» **BRIEF**: The lines needed are those from the start of the records through the line holding "Star => Star", each copied exactly.

[Opening THE DATA section]

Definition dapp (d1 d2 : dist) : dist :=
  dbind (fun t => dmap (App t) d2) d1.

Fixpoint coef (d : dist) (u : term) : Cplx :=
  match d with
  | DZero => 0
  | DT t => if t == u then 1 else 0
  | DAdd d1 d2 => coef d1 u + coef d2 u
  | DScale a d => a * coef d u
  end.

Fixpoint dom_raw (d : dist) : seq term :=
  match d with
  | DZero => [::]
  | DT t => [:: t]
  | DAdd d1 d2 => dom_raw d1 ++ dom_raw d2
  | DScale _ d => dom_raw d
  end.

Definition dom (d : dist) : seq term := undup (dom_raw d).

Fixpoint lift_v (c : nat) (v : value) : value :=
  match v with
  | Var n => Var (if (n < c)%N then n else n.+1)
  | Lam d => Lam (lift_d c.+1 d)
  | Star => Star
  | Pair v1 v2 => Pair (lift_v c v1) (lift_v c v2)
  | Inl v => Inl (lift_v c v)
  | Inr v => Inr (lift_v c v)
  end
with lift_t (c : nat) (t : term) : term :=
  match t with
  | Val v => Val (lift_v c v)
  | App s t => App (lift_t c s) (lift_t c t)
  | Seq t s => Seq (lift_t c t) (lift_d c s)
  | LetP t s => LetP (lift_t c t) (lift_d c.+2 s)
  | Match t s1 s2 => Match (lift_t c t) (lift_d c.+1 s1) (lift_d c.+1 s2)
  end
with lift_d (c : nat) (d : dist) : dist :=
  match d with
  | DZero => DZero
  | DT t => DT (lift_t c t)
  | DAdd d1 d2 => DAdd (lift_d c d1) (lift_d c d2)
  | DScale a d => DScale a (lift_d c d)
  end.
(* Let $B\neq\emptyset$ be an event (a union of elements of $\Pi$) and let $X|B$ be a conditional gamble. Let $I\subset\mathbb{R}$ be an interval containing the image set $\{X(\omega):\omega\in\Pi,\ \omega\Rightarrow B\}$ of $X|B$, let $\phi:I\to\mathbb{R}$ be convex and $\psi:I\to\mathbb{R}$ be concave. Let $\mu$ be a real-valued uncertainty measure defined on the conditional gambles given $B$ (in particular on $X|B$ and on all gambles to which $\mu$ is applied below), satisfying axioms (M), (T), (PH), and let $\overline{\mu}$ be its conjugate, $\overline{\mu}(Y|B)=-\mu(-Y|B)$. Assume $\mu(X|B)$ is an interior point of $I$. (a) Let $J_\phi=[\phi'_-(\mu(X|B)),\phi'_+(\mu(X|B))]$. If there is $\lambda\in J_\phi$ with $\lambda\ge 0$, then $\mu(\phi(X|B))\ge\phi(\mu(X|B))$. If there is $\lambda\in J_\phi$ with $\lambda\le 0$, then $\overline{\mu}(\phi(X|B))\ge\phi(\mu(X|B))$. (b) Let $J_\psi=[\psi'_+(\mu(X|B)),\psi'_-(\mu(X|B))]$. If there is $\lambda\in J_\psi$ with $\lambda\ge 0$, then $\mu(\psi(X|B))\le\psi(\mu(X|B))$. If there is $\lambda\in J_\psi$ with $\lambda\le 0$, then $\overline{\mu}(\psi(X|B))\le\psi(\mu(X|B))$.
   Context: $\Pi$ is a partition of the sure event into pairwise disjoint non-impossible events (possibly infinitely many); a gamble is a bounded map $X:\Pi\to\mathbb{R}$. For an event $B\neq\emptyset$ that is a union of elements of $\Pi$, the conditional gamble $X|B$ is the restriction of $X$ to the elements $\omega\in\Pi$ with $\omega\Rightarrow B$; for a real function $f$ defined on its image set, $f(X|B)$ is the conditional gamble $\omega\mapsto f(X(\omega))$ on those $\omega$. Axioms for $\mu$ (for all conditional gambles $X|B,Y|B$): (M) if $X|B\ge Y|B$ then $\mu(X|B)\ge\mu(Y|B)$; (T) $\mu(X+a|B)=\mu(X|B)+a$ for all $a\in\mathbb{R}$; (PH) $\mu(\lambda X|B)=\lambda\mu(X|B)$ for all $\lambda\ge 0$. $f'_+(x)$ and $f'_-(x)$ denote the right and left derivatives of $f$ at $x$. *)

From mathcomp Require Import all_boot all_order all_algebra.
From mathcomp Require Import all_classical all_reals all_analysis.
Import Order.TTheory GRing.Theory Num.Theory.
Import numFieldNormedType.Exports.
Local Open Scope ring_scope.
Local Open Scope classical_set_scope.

[Closing THE DATA section]

» **ANSWER SPACE**:
Definition dapp (d1 d2 : dist) : dist :=
  dbind (fun t => dmap (App t) d2) d1.

Fixpoint coef (d : dist) (u : term) : Cplx :=
  match d with
  | DZero => 0
  | DT t => if t == u then 1 else 0
  | DAdd d1 d2 => coef d1 u + coef d2 u
  | DScale a d => a * coef d u
  end.

Fixpoint dom_raw (d : dist) : seq term :=
  match d with
  | DZero => [::]
  | DT t => [:: t]
  | DAdd d1 d2 => dom_raw d1 ++ dom_raw d2
  | DScale _ d => dom_raw d
  end.

Definition dom (d : dist) : seq term := undup (dom_raw d).

Fixpoint lift_v (c : nat) (v : value) : value :=
  match v with
  | Var n => Var (if (n < c)%N then n else n.+1)
  | Lam d => Lam (lift_d c.+1 d)
  | Star => Star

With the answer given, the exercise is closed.